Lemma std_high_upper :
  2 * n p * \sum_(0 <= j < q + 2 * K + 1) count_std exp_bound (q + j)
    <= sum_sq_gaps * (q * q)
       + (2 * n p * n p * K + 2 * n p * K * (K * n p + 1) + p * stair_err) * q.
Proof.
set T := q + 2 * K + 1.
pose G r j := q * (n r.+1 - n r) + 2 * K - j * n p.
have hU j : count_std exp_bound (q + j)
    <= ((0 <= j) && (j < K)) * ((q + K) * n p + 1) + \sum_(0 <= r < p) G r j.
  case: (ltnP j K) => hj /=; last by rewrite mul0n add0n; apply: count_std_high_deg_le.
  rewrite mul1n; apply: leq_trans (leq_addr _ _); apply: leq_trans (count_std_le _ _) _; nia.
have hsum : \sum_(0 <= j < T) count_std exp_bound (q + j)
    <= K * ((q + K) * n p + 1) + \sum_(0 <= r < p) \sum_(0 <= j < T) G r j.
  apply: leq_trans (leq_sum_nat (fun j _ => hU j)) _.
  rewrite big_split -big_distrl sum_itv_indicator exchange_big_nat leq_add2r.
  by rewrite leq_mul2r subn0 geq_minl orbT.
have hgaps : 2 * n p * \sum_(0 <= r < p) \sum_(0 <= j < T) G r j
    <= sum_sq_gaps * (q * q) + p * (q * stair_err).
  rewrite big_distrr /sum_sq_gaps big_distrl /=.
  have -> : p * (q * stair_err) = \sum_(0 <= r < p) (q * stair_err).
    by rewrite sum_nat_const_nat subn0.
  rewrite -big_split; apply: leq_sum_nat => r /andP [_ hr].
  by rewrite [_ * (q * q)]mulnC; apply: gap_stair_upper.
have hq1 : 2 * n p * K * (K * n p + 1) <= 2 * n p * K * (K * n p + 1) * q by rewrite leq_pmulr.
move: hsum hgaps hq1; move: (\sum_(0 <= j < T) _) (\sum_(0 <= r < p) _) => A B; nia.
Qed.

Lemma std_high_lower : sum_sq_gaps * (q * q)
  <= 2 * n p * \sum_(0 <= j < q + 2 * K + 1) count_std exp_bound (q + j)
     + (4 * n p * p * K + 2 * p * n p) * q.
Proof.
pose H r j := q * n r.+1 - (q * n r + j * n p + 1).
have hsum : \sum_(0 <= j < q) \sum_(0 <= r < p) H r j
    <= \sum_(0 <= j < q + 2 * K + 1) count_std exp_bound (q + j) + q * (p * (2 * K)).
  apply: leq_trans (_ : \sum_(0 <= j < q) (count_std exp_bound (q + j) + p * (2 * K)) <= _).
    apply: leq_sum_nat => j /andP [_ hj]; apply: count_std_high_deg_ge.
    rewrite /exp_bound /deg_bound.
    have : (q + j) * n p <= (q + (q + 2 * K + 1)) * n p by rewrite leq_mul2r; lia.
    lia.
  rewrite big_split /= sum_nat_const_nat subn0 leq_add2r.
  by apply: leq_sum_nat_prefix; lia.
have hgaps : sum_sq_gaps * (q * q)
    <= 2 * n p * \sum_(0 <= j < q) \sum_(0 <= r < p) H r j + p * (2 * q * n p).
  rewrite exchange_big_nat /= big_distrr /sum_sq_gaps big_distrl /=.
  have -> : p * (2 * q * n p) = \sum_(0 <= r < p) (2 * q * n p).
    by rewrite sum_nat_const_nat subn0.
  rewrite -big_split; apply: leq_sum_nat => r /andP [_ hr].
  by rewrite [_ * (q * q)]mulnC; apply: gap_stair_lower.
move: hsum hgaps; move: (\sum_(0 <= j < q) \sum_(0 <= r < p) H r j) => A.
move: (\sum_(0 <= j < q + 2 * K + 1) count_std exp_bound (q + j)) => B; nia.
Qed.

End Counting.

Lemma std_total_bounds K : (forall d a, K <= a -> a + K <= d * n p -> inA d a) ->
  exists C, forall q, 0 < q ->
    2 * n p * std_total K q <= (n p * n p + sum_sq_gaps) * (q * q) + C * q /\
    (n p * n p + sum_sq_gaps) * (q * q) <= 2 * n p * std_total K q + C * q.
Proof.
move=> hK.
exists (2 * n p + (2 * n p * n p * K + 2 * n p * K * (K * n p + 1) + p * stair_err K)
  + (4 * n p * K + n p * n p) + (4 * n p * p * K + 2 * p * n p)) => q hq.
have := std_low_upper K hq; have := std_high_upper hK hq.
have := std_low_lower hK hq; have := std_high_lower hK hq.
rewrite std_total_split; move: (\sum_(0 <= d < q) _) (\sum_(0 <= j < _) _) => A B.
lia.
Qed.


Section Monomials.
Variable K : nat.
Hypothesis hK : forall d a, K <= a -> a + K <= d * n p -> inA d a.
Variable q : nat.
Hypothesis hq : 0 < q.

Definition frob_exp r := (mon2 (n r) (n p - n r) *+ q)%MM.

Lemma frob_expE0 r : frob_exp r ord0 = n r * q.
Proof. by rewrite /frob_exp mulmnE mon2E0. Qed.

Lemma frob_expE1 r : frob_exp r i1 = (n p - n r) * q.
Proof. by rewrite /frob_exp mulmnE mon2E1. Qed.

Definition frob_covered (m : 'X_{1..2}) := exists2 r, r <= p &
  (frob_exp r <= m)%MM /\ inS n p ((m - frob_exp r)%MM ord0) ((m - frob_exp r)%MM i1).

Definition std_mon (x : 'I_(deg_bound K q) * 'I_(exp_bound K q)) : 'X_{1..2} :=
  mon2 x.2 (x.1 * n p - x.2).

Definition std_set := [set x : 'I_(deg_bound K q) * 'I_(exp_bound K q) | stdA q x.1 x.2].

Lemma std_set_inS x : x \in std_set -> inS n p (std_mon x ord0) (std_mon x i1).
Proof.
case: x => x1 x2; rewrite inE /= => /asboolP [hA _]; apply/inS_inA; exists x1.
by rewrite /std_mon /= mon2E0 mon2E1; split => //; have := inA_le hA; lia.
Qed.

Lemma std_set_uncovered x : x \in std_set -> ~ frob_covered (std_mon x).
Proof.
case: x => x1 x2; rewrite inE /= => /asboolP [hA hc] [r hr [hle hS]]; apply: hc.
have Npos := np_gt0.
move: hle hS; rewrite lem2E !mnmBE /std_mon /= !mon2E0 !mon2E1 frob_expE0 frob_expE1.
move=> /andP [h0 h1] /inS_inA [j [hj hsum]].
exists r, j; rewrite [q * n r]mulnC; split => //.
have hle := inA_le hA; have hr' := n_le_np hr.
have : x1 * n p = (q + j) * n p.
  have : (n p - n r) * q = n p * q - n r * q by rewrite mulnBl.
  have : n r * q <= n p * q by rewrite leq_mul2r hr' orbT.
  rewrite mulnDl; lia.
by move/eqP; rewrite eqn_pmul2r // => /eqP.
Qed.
::::::::::
▶ _Exercise objective_: The lines to reproduce run from the one containing "by rewrite /std_mon" to the last line of the listing; print them exactly, including both ends.

▶ _Result of the exercise_:
by rewrite /std_mon /= mon2E0 mon2E1; split => //; have := inA_le hA; lia.
Qed.

Lemma std_set_uncovered x : x \in std_set -> ~ frob_covered (std_mon x).
Proof.
case: x => x1 x2; rewrite inE /= => /asboolP [hA hc] [r hr [hle hS]]; apply: hc.
have Npos := np_gt0.
move: hle hS; rewrite lem2E !mnmBE /std_mon /= !mon2E0 !mon2E1 frob_expE0 frob_expE1.
move=> /andP [h0 h1] /inS_inA [j [hj hsum]].
exists r, j; rewrite [q * n r]mulnC; split => //.
have hle := inA_le hA; have hr' := n_le_np hr.
have : x1 * n p = (q + j) * n p.
  have : (n p - n r) * q = n p * q - n r * q by rewrite mulnBl.
  have : n r * q <= n p * q by rewrite leq_mul2r hr' orbT.
  rewrite mulnDl; lia.
by move/eqP; rewrite eqn_pmul2r // => /eqP.
Qed.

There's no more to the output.